### What the task requires
Below are entries. Reproduce exactly the lines between the line holding "- intros i Hi. apply" and the line holding "in_stable a k i -> finish", inclusive, and only those.

### Task data
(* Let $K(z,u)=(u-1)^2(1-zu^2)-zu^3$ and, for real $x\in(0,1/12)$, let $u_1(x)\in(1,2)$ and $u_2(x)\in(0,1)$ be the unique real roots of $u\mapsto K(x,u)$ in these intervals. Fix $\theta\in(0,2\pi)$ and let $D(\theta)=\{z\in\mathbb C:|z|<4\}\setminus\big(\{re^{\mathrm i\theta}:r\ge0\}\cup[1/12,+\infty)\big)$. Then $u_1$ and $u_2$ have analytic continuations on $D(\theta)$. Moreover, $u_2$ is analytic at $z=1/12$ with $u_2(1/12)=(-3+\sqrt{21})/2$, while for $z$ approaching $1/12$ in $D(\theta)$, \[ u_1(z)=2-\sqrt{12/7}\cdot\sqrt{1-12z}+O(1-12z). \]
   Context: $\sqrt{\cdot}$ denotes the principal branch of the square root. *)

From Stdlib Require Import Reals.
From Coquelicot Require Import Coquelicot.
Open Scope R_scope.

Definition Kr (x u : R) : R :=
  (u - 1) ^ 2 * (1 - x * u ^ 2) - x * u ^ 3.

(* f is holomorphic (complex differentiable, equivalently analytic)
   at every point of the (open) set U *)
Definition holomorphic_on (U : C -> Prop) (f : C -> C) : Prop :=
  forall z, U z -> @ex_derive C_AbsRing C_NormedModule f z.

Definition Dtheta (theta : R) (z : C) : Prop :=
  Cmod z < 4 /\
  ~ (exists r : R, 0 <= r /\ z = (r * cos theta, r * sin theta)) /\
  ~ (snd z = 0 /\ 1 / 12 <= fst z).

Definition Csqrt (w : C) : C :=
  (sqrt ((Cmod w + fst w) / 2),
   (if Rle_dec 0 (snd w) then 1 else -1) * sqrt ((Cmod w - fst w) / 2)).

--

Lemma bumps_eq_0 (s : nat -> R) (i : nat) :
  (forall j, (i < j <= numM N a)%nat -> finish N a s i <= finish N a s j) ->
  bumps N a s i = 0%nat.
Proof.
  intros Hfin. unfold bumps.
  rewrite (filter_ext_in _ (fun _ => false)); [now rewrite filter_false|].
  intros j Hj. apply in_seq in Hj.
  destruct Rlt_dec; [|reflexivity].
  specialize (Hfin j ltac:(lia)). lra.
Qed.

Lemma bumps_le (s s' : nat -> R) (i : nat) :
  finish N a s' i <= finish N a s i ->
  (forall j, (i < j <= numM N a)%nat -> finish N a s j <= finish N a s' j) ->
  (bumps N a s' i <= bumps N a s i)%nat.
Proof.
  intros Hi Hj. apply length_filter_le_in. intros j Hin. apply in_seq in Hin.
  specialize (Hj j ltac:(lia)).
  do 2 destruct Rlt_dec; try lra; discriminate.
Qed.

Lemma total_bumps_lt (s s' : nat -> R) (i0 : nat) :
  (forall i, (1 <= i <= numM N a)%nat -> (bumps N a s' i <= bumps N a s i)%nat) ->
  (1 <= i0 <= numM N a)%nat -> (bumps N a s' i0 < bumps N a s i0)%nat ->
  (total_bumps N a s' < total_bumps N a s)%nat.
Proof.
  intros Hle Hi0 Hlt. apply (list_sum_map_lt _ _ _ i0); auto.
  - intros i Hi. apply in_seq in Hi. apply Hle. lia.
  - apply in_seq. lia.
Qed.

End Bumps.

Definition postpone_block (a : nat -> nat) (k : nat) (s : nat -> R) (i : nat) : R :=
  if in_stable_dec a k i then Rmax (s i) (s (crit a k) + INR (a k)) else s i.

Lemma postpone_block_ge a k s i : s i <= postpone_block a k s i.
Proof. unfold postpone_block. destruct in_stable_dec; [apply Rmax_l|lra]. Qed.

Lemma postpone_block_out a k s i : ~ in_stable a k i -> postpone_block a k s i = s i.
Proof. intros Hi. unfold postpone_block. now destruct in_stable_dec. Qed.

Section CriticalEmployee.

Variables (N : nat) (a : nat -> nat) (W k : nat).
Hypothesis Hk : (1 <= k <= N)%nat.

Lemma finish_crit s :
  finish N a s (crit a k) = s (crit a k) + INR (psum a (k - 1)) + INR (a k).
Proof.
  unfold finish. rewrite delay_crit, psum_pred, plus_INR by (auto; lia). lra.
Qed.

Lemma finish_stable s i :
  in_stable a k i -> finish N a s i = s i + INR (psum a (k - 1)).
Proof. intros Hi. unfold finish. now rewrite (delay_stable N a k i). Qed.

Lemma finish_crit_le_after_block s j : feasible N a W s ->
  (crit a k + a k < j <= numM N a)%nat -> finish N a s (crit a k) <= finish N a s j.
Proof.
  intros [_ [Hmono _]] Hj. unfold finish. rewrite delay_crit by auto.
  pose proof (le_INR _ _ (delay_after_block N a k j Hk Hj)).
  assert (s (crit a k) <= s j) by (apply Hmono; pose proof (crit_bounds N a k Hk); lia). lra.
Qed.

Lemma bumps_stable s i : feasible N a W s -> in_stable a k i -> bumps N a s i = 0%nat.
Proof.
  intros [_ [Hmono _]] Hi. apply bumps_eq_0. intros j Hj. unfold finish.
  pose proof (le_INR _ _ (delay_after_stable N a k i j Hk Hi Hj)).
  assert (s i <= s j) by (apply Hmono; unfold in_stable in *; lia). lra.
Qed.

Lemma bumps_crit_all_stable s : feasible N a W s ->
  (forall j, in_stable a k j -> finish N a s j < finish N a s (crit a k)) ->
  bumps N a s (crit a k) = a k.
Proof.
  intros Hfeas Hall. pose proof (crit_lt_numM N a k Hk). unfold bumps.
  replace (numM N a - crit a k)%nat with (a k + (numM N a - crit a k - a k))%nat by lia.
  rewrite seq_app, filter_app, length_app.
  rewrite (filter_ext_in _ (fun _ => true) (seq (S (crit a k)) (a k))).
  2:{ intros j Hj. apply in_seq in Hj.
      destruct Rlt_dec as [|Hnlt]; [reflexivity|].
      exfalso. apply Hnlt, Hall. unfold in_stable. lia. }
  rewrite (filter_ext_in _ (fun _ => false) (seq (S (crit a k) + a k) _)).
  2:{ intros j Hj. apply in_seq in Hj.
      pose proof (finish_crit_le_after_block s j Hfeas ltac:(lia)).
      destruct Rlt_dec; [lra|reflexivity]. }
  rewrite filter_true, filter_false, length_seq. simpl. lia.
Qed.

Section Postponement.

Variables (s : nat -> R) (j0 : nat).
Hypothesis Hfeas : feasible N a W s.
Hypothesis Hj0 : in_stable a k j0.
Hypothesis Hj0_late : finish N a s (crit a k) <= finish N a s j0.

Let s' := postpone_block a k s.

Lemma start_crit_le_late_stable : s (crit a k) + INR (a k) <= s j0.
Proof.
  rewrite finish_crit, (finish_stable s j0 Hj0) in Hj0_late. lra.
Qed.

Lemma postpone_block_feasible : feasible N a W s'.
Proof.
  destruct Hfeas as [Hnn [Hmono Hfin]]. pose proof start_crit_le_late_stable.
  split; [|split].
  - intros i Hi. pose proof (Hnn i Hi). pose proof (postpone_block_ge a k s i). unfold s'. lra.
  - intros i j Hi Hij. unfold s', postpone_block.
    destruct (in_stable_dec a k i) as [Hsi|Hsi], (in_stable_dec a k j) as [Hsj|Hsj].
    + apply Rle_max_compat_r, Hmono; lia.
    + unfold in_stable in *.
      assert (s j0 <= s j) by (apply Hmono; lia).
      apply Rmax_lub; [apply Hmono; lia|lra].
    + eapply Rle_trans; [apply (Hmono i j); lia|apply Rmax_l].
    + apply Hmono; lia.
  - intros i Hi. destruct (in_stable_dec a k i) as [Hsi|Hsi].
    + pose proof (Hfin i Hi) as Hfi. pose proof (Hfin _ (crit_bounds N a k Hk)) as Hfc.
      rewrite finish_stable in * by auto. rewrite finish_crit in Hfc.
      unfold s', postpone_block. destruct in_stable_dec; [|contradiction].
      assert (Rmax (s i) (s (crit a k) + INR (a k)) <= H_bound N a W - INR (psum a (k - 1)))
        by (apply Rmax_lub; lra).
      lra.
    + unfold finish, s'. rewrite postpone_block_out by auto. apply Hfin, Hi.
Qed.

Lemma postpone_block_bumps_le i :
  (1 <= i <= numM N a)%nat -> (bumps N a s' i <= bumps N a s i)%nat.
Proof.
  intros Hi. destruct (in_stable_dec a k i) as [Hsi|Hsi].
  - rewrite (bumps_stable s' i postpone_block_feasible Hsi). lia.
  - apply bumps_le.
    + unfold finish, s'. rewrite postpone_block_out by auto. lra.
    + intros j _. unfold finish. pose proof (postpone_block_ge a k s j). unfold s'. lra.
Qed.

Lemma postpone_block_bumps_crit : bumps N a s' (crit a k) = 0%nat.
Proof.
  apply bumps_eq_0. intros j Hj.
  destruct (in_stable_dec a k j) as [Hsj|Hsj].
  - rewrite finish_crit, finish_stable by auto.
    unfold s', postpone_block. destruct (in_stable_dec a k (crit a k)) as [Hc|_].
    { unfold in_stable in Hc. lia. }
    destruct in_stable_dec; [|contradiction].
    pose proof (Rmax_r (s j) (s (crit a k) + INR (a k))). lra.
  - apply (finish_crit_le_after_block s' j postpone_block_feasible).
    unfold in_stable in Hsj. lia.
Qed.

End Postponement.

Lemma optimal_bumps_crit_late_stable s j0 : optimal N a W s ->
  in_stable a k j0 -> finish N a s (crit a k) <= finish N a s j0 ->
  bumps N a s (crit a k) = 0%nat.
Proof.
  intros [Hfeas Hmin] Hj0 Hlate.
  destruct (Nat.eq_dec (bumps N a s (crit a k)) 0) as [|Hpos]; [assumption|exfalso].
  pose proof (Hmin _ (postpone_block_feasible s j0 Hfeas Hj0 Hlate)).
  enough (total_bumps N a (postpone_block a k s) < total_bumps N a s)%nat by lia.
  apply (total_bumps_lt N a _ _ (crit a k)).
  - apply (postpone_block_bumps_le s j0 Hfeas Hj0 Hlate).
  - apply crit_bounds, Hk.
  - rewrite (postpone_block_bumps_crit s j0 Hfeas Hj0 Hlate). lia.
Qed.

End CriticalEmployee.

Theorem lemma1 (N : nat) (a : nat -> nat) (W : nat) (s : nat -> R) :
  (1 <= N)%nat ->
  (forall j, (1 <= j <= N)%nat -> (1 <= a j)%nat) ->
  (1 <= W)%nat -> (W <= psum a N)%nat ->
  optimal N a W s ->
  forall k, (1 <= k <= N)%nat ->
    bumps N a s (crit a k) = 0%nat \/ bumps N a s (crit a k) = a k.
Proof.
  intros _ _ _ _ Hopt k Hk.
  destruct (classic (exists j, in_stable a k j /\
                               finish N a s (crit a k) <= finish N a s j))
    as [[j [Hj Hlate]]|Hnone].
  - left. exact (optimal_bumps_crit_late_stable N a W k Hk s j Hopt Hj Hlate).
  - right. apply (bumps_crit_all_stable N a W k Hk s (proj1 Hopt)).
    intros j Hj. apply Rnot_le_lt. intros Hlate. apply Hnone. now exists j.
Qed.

### Response to this exercise
  - intros i Hi. apply in_seq in Hi. apply Hle. lia.
  - apply in_seq. lia.
Qed.

End Bumps.

Definition postpone_block (a : nat -> nat) (k : nat) (s : nat -> R) (i : nat) : R :=
  if in_stable_dec a k i then Rmax (s i) (s (crit a k) + INR (a k)) else s i.

Lemma postpone_block_ge a k s i : s i <= postpone_block a k s i.
Proof. unfold postpone_block. destruct in_stable_dec; [apply Rmax_l|lra]. Qed.

Lemma postpone_block_out a k s i : ~ in_stable a k i -> postpone_block a k s i = s i.
Proof. intros Hi. unfold postpone_block. now destruct in_stable_dec. Qed.

Section CriticalEmployee.

Variables (N : nat) (a : nat -> nat) (W k : nat).
Hypothesis Hk : (1 <= k <= N)%nat.

Lemma finish_crit s :
  finish N a s (crit a k) = s (crit a k) + INR (psum a (k - 1)) + INR (a k).
Proof.
  unfold finish. rewrite delay_crit, psum_pred, plus_INR by (auto; lia). lra.
Qed.

Lemma finish_stable s i :
  in_stable a k i -> finish N a s i = s i + INR (psum a (k - 1)).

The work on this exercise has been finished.